• The South African data analytics and machine learning firm Principa is forecasting that the French will go home with the Fifa World Cup trophy on Sunday.
  • Using extensive computer models, the firm has been predicting match scores throughout the tournament. 
  • Their models have out-predicted 99.96% of human-made predictions.

Data scientists at analytics and machine learning firm Principa have been hard at work predicting scores and winners of each 2018 Fifa World Cup match.

Their predictions are so near-perfect that they're are currently outranking over 99.96% of participants on SA's popular sports predictor site, Superbru.

"At the moment, we are at number 46 out of about 170,000 in South Africa," says lead data scientist at Principa, David Hatherell.

Their latest prediction is for the highly anticipated final game on Sunday between France and Croatia. Principa holds that France will most probably win the 2018 Fifa World Cup 2-0 against Croatia.

"Our office is full of sport-loving data scientists," says the consultancy's CEO Jaco Rossouw. Employees at Principa, which uses modelling and data analysis to predict human behaviour for retailers and financial services providers, first started predicting the results of the Rugby World Cup in 2015 to hone their data science skills and see how well predictive analytics perform against the best "human-made" predictions.

They decided to use the Fifa World Cup as another opportunity for their teams to sharpen their skills and compare human and machine predictions. 

Principa's Top 6 100%, accurate predictions since start of the World Cup

(Table: Business Insider SA)/(Source: Principa)

Principa uses the databases of the teams to check variables such as which players are in each team, their recent performance, who they've played against and the general public sentiment towards the team for instance.

The data scientists also comb through social media posts on the teams or put differently, measure the market confidence of teams and the public's expectations.
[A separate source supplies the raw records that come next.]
(* [neg_ext K r s D] : D N = C_{-N}^{(K)}(r -> s) for N >= 1, i.e.
   sum_{N>=1} D N x^N = -F(1/x), where F = p/q is the generating function
   sum_{N>=0} C_N x^N with deg p < deg q and q(0) <> 0.  With d = deg q,
   -F(1/x) = -P(x)/Q(x) where Q = x^d q(1/x), P = x^d p(1/x), Q(0) <> 0;
   the identity is stated coefficientwise as Q * G = -P, G = sum_{N>=1} D N x^N. *)
Definition neg_ext (K r s : nat) (D : nat -> rat) : Prop :=
  exists p q : {poly rat},
    [/\ q`_0 != 0, (size p < size q)%N,
        (forall N : nat,
            \sum_(i < N.+1) q`_i * (Cpos K (N - i) r s)%:R = p`_N) &
        (forall N : nat,
            \sum_(i < N.+1) revc q (size q).-1 i *
                 (if (N - i)%N is 0 then 0 else D (N - i)%N)
            = - revc p (size q).-1 N)].

(* The two-sided sequence C_N^{(K)}(r -> s), N : int, given the values D
   for negative indices (D N stands for C_{-N}). *)
Definition Cz (K : nat) (D : nat -> nat -> nat -> rat) (N : int) (r s : nat)
  : rat :=
  match N with
  | Posz n => (Cpos K n r s)%:R
  | Negz n => D r s n.+1
  end.

(* 1. Transfer matrix: C_N^{(K)}(a -> b) is the (a, b) entry of A^N, where A
      is the adjacency matrix of the path graph 0 - 1 - ... - K.
   2. Parity: A is bipartite, so for K = 2L+1 the matrix A^2 is block
      diagonal for the decomposition into even and odd heights.  Its even
      block E = B B^T (B bidiagonal with unit diagonal) is symmetric with
      det E = 1; in particular A is invertible, and the entries of A^2n and
      A^-2n between even heights are those of E^n and E^-n.
   3. Negative indices: the reversed denominator Q of the generating function
      satisfies Q(A) (A^t)_{ab} = 0 for all t, hence also for negative t
      (A^-1 is a polynomial in A), and this identifies C_{-N} = (A^-N)_{ab}.
   4. Jacobi's complementary minor theorem, applied to E^n E^-n = 1 with the
      rows and columns chosen by two shuffle permutations; the sign of a
      shuffle is the parity of its displacement, which yields the sign
      (-1)^(sum rb_i + sb_i). *)

From HB Require Import structures.
From mathcomp Require Import all_boot all_order all_algebra.
From mathcomp Require Import perm zify.
Import Order.TTheory GRing.Theory Num.Theory.
Local Open Scope ring_scope.

Definition adjn (a b : nat) : bool := (a.+1 == b) || (b.+1 == a).

Lemma adjnC (a b : nat) : adjn a b = adjn b a.
Proof. by rewrite /adjn orbC. Qed.

Lemma adjn_par (a b : nat) : (a %% 2 = b %% 2)%N -> adjn a b = false.
Proof. move=> h; apply/negbTE/norP; split; apply/eqP; lia. Qed.

Definition Amx (K : nat) : 'M[rat]_K.+1 := \matrix_(i, j) (adjn i j)%:R.

Definition is_path (K N a b : nat) (t : N.+1.-tuple 'I_K.+1) : bool :=
  [&& nth 0%N (map val t) 0 == a, nth 0%N (map val t) N == b &
      sorted (fun u v : 'I_K.+1 => adjn u v) t].

Lemma Cpos_sum (K N a b : nat) :
  (Cpos K N a b)%:R = \sum_t (is_path K N a b t)%:R :> rat.
Proof.
rewrite /Cpos /lattice_paths -sum1_card natr_sum big_mkcond /=.
apply: eq_bigr => t _.
by rewrite (_ : t \in _ = is_path K N a b t) ?inE //; case: is_path.
Qed.

Lemma sum_cons_tuple (T : finType) (N : nat) (F : N.+2.-tuple T -> rat) :
  \sum_t F t = \sum_z \sum_(t : N.+1.-tuple T) F (cons_tuple z t).
Proof.
rewrite pair_big /=.
apply: (reindex (fun u : T * N.+1.-tuple T => cons_tuple u.1 u.2)).
exists (fun t => (thead t, behead_tuple t)).
- by move=> [z t] _ /=; congr pair; apply: val_inj.
- by move=> t _; case: t / tupleP => z t; apply: val_inj.
Qed.

Lemma sum_tuple1 (T : finType) (F : 1.-tuple T -> rat) :
  \sum_t F t = \sum_z F [tuple z].
Proof.
apply: (reindex (fun z : T => [tuple z])); exists (fun t => thead t) => //.
by move=> t _; case: t / tupleP => z t; rewrite tuple0; apply: val_inj.
Qed.

Lemma is_path0 (K : nat) (a b z : 'I_K.+1) :
  is_path K 0 a b [tuple z] = (z == a) && (a == b).
Proof.
rewrite /is_path /= andbT -!val_eqE /=.
by case: eqP => [->|].
Qed.

Lemma is_path_cons (K N a b : nat) (z : 'I_K.+1) (t : N.+1.-tuple 'I_K.+1) :
  is_path K N.+1 a b (cons_tuple z t) =
  [&& val z == a, adjn z (thead t) & is_path K N (thead t) b t].
Proof.
case: t / tupleP => w t; rewrite /is_path /= eqxx /=.
by case: (_ == a) => //=; case: adjn; rewrite ?andbF.
Qed.

Lemma is_path_head (K N b : nat) (w : 'I_K.+1) (t : N.+1.-tuple 'I_K.+1) :
  is_path K N w b t = (thead t == w) && is_path K N (thead t) b t.
Proof.
case: t / tupleP => z t; rewrite /is_path /= -val_eqE /=.
by case: (z =P w) => [->|]; rewrite ?eqxx.
Qed.

Lemma Cpos_Amx (K N : nat) (a b : 'I_K.+1) :
  (Cpos K N a b)%:R = (Amx K ^+ N) a b.
Proof.
elim: N a => [|N IH] a.
  rewrite Cpos_sum sum_tuple1 expr0 mxE (bigD1 a) //= big1 => [|z /negbTE za].
    by rewrite is_path0 eqxx addr0 /=; case: (a == b).
  by rewrite is_path0 za.
rewrite Cpos_sum sum_cons_tuple exprS mxE exchange_big /=.
transitivity (\sum_(t : N.+1.-tuple 'I_K.+1)
                 Amx K a (thead t) * (is_path K N (thead t) b t)%:R).
  apply: eq_bigr => t _; rewrite (bigD1 a) //= big1 => [|z za].
    by rewrite is_path_cons eqxx addr0 mxE; case: adjn; case: is_path.
  by rewrite is_path_cons val_eqE (negbTE za).
under [RHS]eq_bigr => w _ do rewrite -IH Cpos_sum mulr_sumr.
rewrite exchange_big /=; apply: eq_bigr => t _.
rewrite (bigD1 (thead t)) //= big1 ?addr0 // => w wt.
by rewrite is_path_head eq_sym (negbTE wt) mulr0.
Qed.

Lemma sum_nat_parity (L : nat) (G : nat -> rat) :
  \sum_(i < 2 * L) G i = \sum_(c < L) G (2 * c)%N + \sum_(c < L) G (2 * c + 1)%N.
Proof.
elim: L => [|L IH]; first by rewrite !big_ord0 addr0.
rewrite (_ : (2 * L.+1 = (2 * L).+2)%N); last by lia.
rewrite !big_ord_recr /= IH (_ : ((2 * L).+1 = 2 * L + 1)%N); last by lia.
by rewrite -!addrA; congr (_ + _); rewrite addrCA.
Qed.

Lemma sum_ord_parity (K L : nat) (F : 'I_K.+1 -> rat) : K.+1 = (2 * L)%N ->
  \sum_z F z = \sum_(c < L) F (inord (2 * c)) + \sum_(c < L) F (inord (2 * c + 1)).
Proof.
move=> hKL; rewrite (eq_bigr (fun z : 'I_K.+1 => F (inord z))) => [|z _]; last first.
  by rewrite inord_val.
have split_len n (G : nat -> rat) : n = (2 * L)%N ->
    \sum_(i < n) G i = \sum_(c < L) G (2 * c)%N + \sum_(c < L) G (2 * c + 1)%N.
  by move=> ->; exact: sum_nat_parity.
exact: (split_len K.+1 (fun i => F (inord i))).
Qed.

(* The block of [Amx] from the even heights 2i to the odd heights 2j+1:
   a lower bidiagonal matrix with ones on its diagonal. *)
Definition Bmx (L : nat) : 'M[rat]_L := \matrix_(i, j) (adjn (2 * i) (2 * j + 1))%:R.

Lemma det_Bmx (L : nat) : \det (Bmx L) = 1.
Proof.
rewrite det_trig.
  by rewrite big1 // => i _; rewrite mxE /adjn (_ : ((2 * i).+1 == 2 * i + 1)%N) //; apply/eqP; lia.
apply/is_trig_mxP => i j ij; rewrite mxE.
by rewrite (_ : adjn _ _ = false) //; apply/negbTE/norP; split; apply/eqP; lia.
Qed.

(* The even-even and odd-odd blocks of the square of [Amx]; both are
   unimodular, and the first one is symmetric. *)
Definition Ev (L : nat) : 'M[rat]_L := Bmx L *m (Bmx L)^T.
Definition Od (L : nat) : 'M[rat]_L := (Bmx L)^T *m Bmx L.

Lemma det_Ev (L : nat) : \det (Ev L) = 1.
Proof. by rewrite det_mulmx det_tr det_Bmx mulr1. Qed.

Lemma Ev_unit (L : nat) : Ev L \in unitmx.
Proof. by rewrite unitmxE det_Ev unitr1. Qed.

Lemma Od_unit (L : nat) : Od L \in unitmx.
Proof. by rewrite unitmxE det_mulmx det_tr det_Bmx mulr1 unitr1. Qed.

Lemma tr_Ev (L : nat) : (Ev L)^T = Ev L.
Proof. by rewrite /Ev trmx_mul trmxK. Qed.

Definition interleave {K L : nat} (E O : 'M[rat]_L.+1) : 'M[rat]_K.+1 :=
  \matrix_(x, y) if (x %% 2 == y %% 2)%N then
     (if (x %% 2 == 1)%N then O (inord (x %/ 2)) (inord (y %/ 2))
      else E (inord (x %/ 2)) (inord (y %/ 2))) else 0.

Section Interleave.
Variables (K L : nat) (hKL : K.+1 = (2 * L.+1)%N).

Let inord_even (c : 'I_L.+1) : nat_of_ord (inord (2 * c) : 'I_K.+1) = (2 * c)%N.
Proof. by rewrite inordK //; have := ltn_ord c; lia. Qed.
Let inord_odd (c : 'I_L.+1) : nat_of_ord (inord (2 * c + 1) : 'I_K.+1) = (2 * c + 1)%N.
Proof. by rewrite inordK //; have := ltn_ord c; lia. Qed.
Let half_even (c : 'I_L.+1) : (inord ((2 * c) %/ 2) : 'I_L.+1) = c.
Proof. by rewrite (_ : ((2 * c) %/ 2 = c)%N) ?inord_val //; lia. Qed.
Let half_odd (c : 'I_L.+1) : (inord ((2 * c + 1) %/ 2) : 'I_L.+1) = c.
Proof. by rewrite (_ : ((2 * c + 1) %/ 2 = c)%N) ?inord_val //; lia. Qed.

Let ilv_even_r E O (x : 'I_K.+1) (c : 'I_L.+1) :
  interleave E O x (inord (2 * c)) = if (x %% 2 == 0)%N then E (inord (x %/ 2)) c else 0.
Proof.
rewrite mxE inord_even half_even (_ : ((2 * c) %% 2 = 0)%N); last by lia.
by have [->|->] : (x %% 2 = 0 \/ x %% 2 = 1)%N by lia.
Qed.

Let ilv_even_l E O (y : 'I_K.+1) (c : 'I_L.+1) :
  interleave E O (inord (2 * c)) y = if (y %% 2 == 0)%N then E c (inord (y %/ 2)) else 0.
Proof.
rewrite mxE inord_even half_even (_ : ((2 * c) %% 2 = 0)%N); last by lia.
by have [->|->] : (y %% 2 = 0 \/ y %% 2 = 1)%N by lia.
Qed.

Let ilv_odd_r E O (x : 'I_K.+1) (c : 'I_L.+1) :
  interleave E O x (inord (2 * c + 1)) = if (x %% 2 == 1)%N then O (inord (x %/ 2)) c else 0.
Proof.
rewrite mxE inord_odd half_odd (_ : ((2 * c + 1) %% 2 = 1)%N); last by lia.
by have [->|->] : (x %% 2 = 0 \/ x %% 2 = 1)%N by lia.
Qed.

Let ilv_odd_l E O (y : 'I_K.+1) (c : 'I_L.+1) :
  interleave E O (inord (2 * c + 1)) y = if (y %% 2 == 1)%N then O c (inord (y %/ 2)) else 0.
Proof.
rewrite mxE inord_odd half_odd (_ : ((2 * c + 1) %% 2 = 1)%N); last by lia.
by have [->|->] : (y %% 2 = 0 \/ y %% 2 = 1)%N by lia.
Qed.
Lemma tau_c_word s x : iota_word (tau_c x s) = phi' (val x).+1 (iota_word s).
Proof.
rewrite /tau_c; case: pickP => [s' /eqP //|none].
have [s' e] : exists s', iota_word s' = phi' (val x).+1 (iota_word s).
  apply: iota_word_surj; apply: perm_trans (iota_word_perm s).
  exact: perm_eq_phi' (iota_word_uniq s) (mem_iota_word s x).
by have := none s'; rewrite e eqxx.
Qed.

Lemma tau_c_cycle_max s x : derangement s -> x \in cycle_maxima s -> tau_c x s = s.
Proof.
move=> ds xC; apply: iota_word_inj; rewrite tau_c_word /phi'.
by rewrite is_peak_wtype ?iota_word_uniq ?mem_iota_word // wtype_iota_word // ctype_cycle_max.
Qed.

Section TauC.
Variables (s : {perm 'I_n}) (x : 'I_n).
Hypothesis ds : derangement s.

Let ur := iota_word_uniq s.
Let xr := mem_iota_word s x.

Lemma tau_cK : tau_c x (tau_c x s) = s.
Proof.
have [xC|/iota_word_has_larger_before hasX] := boolP (x \in cycle_maxima s).
  by rewrite !(tau_c_cycle_max ds xC).
by apply: iota_word_inj; rewrite !tau_c_word (phi'K ur xr hasX).
Qed.

Lemma cyc_tau_c : cyc (tau_c x s) = cyc s.
Proof.
have [xC|/iota_word_has_larger_before hasX] := boolP (x \in cycle_maxima s).
  by rewrite tau_c_cycle_max.
by rewrite !cyc_iota_word tau_c_word (records_phi' ur xr hasX).
Qed.

Hypothesis dt : derangement (tau_c x s).

Lemma ctype_tau_c a : a != x -> ctype (tau_c x s) a = ctype s a.
Proof.
move=> ax; have [xC|/iota_word_has_larger_before hasX] := boolP (x \in cycle_maxima s).
  by rewrite tau_c_cycle_max.
by rewrite -!wtype_iota_word // tau_c_word (wtype_phi' ur xr hasX) ?mem_iota_word.
Qed.

Lemma ctype_tau_c_self : ctype (tau_c x s) x = flip_type (ctype s x).
Proof.
have [xC|/iota_word_has_larger_before hasX] := boolP (x \in cycle_maxima s).
  by rewrite tau_c_cycle_max // ctype_cycle_max.
by rewrite -!wtype_iota_word // tau_c_word (wtype_phi'_X ur xr hasX).
Qed.

End TauC.

End IotaWord.

Lemma count_valleys_peaks a u : path (fun y z : nat => y != z) a u ->
  count (fun p => p.2 == (false, true)) (letter_types a u None) =
  count (fun p => p.2 == (true, false)) (letter_types a u None) +
  (if u is b :: _ then b < a else false).
Proof.
have lt_neq y z : y != z -> (z < y) = ~~ (y < z) by move=> yz; rewrite ltnNge leq_eqVlt (negbTE yz).
elim: u a => [|b u IH] a //= /andP[ab pu]; have {}IH := IH b pu.
case: u IH pu => [|c u] /= IH; first by rewrite (lt_neq _ _ ab); case: (a < b).
case/andP=> bc _; rewrite IH (lt_neq _ _ bc) (lt_neq _ _ ab).
by case: (a < b); case: (b < c); rewrite /= ?addn0 ?add0n; lia.
Qed.

Section CyclicTypes.
Variable n : nat.
Implicit Types (s : {perm 'I_n}) (a : 'I_n).

Lemma card_ctype s c : derangement s ->
  #|[set a | ctype s a == c]| = count (fun p => p.2 == c) (letter_types 0 (iota_word s) None).
Proof.
move=> ds; rewrite iota_wordE (letter_types_blocks ds (increasing_cycle_maxima s)) //.
rewrite flatten_orbits_map count_map (seq.permP (perm_eq_cycle_maxima_orbits s)).
by rewrite cardsE cardE /enum_mem size_filter count_filter; apply: eq_count => a; rewrite /= andbT.
Qed.

Lemma card_valleys_peaks s : derangement s ->
  #|[set a | ctype s a == (false, true)]| = #|[set a | ctype s a == (true, false)]|.
Proof.
move=> ds; rewrite !card_ctype // count_valleys_peaks; last first.
  have := iota_word_uniq s; have : 0 \notin iota_word s.
    by rewrite iota_word_orbits; apply/mapP => -[].
  elim: (iota_word s) 0 => //= b u IH a; rewrite inE negb_or eq_sym => /andP[-> au] /andP[bu uu].
  exact: IH.
by case: (iota_word s) => [|b u]; rewrite ?addn0.
Qed.

Lemma cpk_peaks s : derangement s -> cpk s = #|[set a | ctype s a == (true, false)]|.
Proof.
move=> ds; apply: eq_card => a; rewrite !inE /ctype xpair_eqE eqb_id eqbF_neg.
congr (_ && _); rewrite ltnNge leq_eqVlt.
by have := forallP ds a; rewrite -val_eqE eq_sym => /negbTE ->.
Qed.

End CyclicTypes.

(** * Grouping along the CMFS-action *)

Import GRing.Theory.
Local Open Scope ring_scope.

Definition exc_weight (R : comPzRingType) (t : R) (c : bool * bool) : R := if c.2 then t else 1.

Definition gamma_weight (R : comPzRingType) (t : R) (c : bool * bool) : R :=
  if c.1 == c.2 then 1 + t else exc_weight t c.

Section GammaGrouping.
Variables (R : comPzRingType) (T I : finType) (Pi : {set T}) (tau : I -> T -> T)
  (ty : T -> I -> bool * bool) (G : T -> R) (t : R).
Hypotheses (tauP : forall x s, s \in Pi -> tau x s \in Pi)
  (tauK : forall x s, s \in Pi -> tau x (tau x s) = s)
  (G_tau : forall x s, s \in Pi -> G (tau x s) = G s)
  (ty_tau : forall x s a, s \in Pi -> a != x -> ty (tau x s) a = ty s a)
  (ty_tau_self : forall x s, s \in Pi -> ty (tau x s) x = flip_type (ty s x)).

Implicit Types (L : {set I}) (x a : I) (s : T).

Let no_dasc_on L s := [forall (a | a \in L), ty s a != (true, true)].

Let weight L s :=
  G s * \prod_a (if a \in L then gamma_weight t (ty s a) else exc_weight t (ty s a)).

(* Letters of L are already grouped: the sum runs over the representatives without a
   double ascent in L.  It does not depend on L, which interpolates between the two
   sides of [sum_exc_weight_gamma]. *)
Let partial_sum L :=
  \sum_s (if (s \in Pi) && no_dasc_on L s then weight L s else 0).

Let no_dasc_onU L x s : no_dasc_on (x |: L) s = no_dasc_on L s && (ty s x != (true, true)).
Proof.
apply/forall_inP/andP => [h|[/forall_inP h hx] a].
  by split; [apply/forall_inP => a aL; apply: h; rewrite in_setU1 aL orbT | apply/h/setU11].
by rewrite in_setU1 => /orP[/eqP -> //|/h].
Qed.

Let no_dasc_on_tau L x s : x \notin L -> s \in Pi -> no_dasc_on L (tau x s) = no_dasc_on L s.
Proof.
move=> xL sP; apply: eq_forallb => a; case: (boolP (a \in L)) => //= aL.
by rewrite ty_tau //; apply: contraNneq xL => <-.
Qed.

Let weightU_double_descent L x s : x \notin L -> s \in Pi -> ty s x = (false, false) ->
  weight (x |: L) s = weight L s + weight L (tau x s).
Proof.
move=> xL sP tx; rewrite /weight G_tau // -mulrDr; congr (_ * _).
rewrite (bigD1 x) // [in RHS](bigD1 x) // [X in _ + X](bigD1 x) //=.
rewrite ty_tau_self // tx setU11 (negbTE xL).
have -> : \prod_(a | a != x) (if a \in x |: L then gamma_weight t (ty s a)
     else exc_weight t (ty s a)) =
   \prod_(a | a != x) (if a \in L then gamma_weight t (ty s a) else exc_weight t (ty s a)).
  by apply: eq_bigr => a ax; rewrite in_setU1 (negbTE ax).
have -> : \prod_(a | a != x) (if a \in L then gamma_weight t (ty (tau x s) a)
     else exc_weight t (ty (tau x s) a)) =
   \prod_(a | a != x) (if a \in L then gamma_weight t (ty s a) else exc_weight t (ty s a)).
  by apply: eq_bigr => a ax; rewrite ty_tau.
by rewrite -mulrDl.
Qed.

Let weightU_single L x s : ty s x != (true, true) -> ty s x != (false, false) ->
  weight (x |: L) s = weight L s.
Proof.
move=> ndasc nddes; rewrite /weight; congr (_ * _); apply: eq_bigr => a _.
rewrite in_setU1; case: (eqVneq a x) => [->|] //=; case: (x \in L) => //.
by rewrite /gamma_weight; case: (ty s x) ndasc nddes => [[] []].
Qed.

Let sig x s := if s \in Pi then tau x s else s.

Let sigK x : involutive (sig x).
Proof.
by move=> s; rewrite /sig; case: (boolP (s \in Pi)) => sP; rewrite ?(negbTE sP) ?tauP ?tauK.
Qed.

Let sum_double_ascent L x : x \notin L ->
  \sum_s (if [&& s \in Pi, no_dasc_on L s & ty s x == (true, true)] then weight L s else 0) =
  \sum_s (if [&& s \in Pi, no_dasc_on L s & ty s x == (false, false)]
          then weight L (tau x s) else 0).
Proof.
move=> xL; rewrite (reindex_inj (inv_inj (sigK x))); apply: eq_bigr => s _.
rewrite /sig; case: (boolP (s \in Pi)) => sP; last by rewrite (negbTE sP).
rewrite tauP // no_dasc_on_tau // ty_tau_self //.
by case: (ty s x) => [[] []].
Qed.

Let partial_sumU L x : x \notin L -> partial_sum (x |: L) = partial_sum L.
Proof.
move=> xL; rewrite /partial_sum.
have splitL s : (if (s \in Pi) && no_dasc_on L s then weight L s else 0) =
   (if [&& s \in Pi, no_dasc_on L s & ty s x != (true, true)] then weight L s else 0) +
   (if [&& s \in Pi, no_dasc_on L s & ty s x == (true, true)] then weight L s else 0).
  by case: (s \in Pi) (no_dasc_on L s) (ty s x == _) => [] [] []; rewrite ?addr0 ?add0r.
have splitU s : (if (s \in Pi) && no_dasc_on (x |: L) s then weight (x |: L) s else 0) =
   (if [&& s \in Pi, no_dasc_on L s & ty s x != (true, true)] then weight L s else 0) +
   (if [&& s \in Pi, no_dasc_on L s & ty s x == (false, false)]
    then weight L (tau x s) else 0).
  rewrite no_dasc_onU; case: (boolP (s \in Pi)) => sP /=; last by rewrite addr0.
  case: (no_dasc_on L s) => /=; last by rewrite addr0.
  case: (eqVneq (ty s x) (true, true)) => [-> //|ndasc]; first by rewrite add0r.
  case: (eqVneq (ty s x) (false, false)) => [tx|nddes].
    by rewrite weightU_double_descent.
  by rewrite addr0 weightU_single.
rewrite (eq_bigr _ (fun s _ => splitU s)) (eq_bigr _ (fun s _ => splitL s)) !big_split /=.
by rewrite sum_double_ascent.
Qed.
The information obtained using a Bayesian Inference method is then combined to form a model that is automated to adopt a machine learning approach, in that it reselects variables and parameters every time it is run, adapting to how the World Cup is unfolding.

Results of games from previous rounds inform predictions for the next round. The machine learning component can take it a step further, though, by also learning from match results within the current round and updating every day.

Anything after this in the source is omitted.